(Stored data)
____

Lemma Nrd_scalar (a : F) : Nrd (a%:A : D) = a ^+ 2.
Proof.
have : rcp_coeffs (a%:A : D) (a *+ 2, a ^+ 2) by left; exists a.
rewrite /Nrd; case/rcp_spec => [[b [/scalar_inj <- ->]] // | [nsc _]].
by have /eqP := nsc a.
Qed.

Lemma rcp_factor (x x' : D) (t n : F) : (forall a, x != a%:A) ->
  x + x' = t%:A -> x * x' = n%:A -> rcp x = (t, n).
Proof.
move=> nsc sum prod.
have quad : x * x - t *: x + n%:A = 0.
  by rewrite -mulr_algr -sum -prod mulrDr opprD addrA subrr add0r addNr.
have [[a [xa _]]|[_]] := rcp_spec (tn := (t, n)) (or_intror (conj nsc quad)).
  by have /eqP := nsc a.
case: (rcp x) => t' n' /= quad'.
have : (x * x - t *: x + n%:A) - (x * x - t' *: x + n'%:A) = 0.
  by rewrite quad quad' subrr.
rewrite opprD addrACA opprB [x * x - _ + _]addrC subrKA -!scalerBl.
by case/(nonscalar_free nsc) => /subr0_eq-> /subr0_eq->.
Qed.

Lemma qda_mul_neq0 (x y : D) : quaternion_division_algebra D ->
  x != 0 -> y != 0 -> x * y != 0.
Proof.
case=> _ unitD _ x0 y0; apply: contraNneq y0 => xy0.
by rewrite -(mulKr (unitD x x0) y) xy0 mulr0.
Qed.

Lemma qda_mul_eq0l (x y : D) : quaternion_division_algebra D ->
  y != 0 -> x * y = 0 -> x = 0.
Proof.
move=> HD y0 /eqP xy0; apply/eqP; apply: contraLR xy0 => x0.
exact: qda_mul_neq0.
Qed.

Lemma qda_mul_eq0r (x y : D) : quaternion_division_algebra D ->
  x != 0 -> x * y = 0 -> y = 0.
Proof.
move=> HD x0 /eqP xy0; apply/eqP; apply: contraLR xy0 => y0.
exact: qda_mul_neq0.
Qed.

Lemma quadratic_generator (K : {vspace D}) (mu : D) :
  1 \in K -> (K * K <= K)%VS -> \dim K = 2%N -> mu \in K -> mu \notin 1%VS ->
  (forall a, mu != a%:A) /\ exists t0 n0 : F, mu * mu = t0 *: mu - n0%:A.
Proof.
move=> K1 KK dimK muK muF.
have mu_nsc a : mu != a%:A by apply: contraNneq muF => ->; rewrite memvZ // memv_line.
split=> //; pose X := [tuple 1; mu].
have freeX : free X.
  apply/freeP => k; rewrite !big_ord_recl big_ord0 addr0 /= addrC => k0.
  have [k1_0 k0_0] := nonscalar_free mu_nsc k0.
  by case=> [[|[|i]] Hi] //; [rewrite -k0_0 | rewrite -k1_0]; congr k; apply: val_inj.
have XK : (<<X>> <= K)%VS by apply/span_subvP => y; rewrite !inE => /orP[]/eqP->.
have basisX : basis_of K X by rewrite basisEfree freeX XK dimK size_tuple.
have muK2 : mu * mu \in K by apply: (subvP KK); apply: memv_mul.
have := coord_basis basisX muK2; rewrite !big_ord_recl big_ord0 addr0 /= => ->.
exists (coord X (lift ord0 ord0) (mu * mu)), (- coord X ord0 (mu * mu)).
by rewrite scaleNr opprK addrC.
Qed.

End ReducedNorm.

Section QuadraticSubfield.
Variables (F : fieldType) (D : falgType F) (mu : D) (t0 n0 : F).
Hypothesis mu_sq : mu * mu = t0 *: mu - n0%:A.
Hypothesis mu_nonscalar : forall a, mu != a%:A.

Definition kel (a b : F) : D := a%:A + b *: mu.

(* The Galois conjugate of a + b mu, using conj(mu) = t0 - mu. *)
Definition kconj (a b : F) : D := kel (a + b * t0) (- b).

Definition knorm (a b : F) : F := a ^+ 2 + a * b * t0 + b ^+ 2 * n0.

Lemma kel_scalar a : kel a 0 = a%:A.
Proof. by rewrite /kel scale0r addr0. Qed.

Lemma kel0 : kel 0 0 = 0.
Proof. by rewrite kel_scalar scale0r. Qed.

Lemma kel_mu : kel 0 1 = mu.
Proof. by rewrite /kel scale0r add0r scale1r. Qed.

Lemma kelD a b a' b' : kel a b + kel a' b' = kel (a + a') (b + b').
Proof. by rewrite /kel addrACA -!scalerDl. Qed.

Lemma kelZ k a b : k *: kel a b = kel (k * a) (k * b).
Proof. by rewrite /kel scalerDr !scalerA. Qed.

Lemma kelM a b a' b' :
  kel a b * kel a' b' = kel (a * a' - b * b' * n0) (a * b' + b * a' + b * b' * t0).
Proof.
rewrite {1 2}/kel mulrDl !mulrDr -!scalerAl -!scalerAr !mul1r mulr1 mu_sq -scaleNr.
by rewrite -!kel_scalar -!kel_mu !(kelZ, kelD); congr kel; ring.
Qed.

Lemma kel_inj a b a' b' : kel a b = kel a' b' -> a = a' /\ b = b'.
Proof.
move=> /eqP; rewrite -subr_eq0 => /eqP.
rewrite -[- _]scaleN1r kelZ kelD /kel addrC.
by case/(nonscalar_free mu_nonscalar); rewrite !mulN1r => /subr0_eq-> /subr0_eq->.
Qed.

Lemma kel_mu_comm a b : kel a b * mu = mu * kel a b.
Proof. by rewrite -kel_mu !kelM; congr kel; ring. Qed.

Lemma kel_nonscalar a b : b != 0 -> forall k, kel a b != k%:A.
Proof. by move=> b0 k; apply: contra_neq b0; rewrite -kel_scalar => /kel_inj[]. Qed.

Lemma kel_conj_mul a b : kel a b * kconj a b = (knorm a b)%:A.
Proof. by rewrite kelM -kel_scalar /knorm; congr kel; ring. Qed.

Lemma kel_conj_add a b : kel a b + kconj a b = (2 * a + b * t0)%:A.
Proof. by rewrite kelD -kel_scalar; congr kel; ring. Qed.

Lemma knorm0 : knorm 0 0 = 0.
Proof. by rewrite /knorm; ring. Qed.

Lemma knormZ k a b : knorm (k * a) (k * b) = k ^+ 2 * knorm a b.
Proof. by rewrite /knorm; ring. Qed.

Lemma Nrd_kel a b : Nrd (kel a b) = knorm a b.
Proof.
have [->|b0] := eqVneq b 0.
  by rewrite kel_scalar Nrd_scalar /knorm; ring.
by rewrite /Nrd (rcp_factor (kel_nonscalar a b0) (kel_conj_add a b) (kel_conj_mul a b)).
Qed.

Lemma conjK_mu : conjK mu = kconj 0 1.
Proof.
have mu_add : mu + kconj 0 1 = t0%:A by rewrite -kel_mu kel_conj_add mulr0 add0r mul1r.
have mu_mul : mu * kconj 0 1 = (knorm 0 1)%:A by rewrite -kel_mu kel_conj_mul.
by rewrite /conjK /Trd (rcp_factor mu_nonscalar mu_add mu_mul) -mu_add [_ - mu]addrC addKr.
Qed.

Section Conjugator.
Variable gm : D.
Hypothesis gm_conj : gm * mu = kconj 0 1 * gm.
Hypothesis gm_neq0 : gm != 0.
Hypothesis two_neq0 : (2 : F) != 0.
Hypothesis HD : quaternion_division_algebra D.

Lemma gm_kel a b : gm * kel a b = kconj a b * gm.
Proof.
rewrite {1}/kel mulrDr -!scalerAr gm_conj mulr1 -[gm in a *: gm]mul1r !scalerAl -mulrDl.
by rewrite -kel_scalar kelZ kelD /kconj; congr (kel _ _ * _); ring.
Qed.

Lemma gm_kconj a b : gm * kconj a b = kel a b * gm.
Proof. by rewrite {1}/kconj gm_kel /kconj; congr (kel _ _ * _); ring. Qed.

____

# Aim of the exercise:
Find "Hypothesis gm_conj : gm" in the entries above, then repeat its line and all lines after it exactly, down to the last line.

# Solution to this task:
Hypothesis gm_conj : gm * mu = kconj 0 1 * gm.
Hypothesis gm_neq0 : gm != 0.
Hypothesis two_neq0 : (2 : F) != 0.
Hypothesis HD : quaternion_division_algebra D.

Lemma gm_kel a b : gm * kel a b = kconj a b * gm.
Proof.
rewrite {1}/kel mulrDr -!scalerAr gm_conj mulr1 -[gm in a *: gm]mul1r !scalerAl -mulrDl.
by rewrite -kel_scalar kelZ kelD /kconj; congr (kel _ _ * _); ring.
Qed.

Lemma gm_kconj a b : gm * kconj a b = kel a b * gm.
Proof. by rewrite {1}/kconj gm_kel /kconj; congr (kel _ _ * _); ring. Qed.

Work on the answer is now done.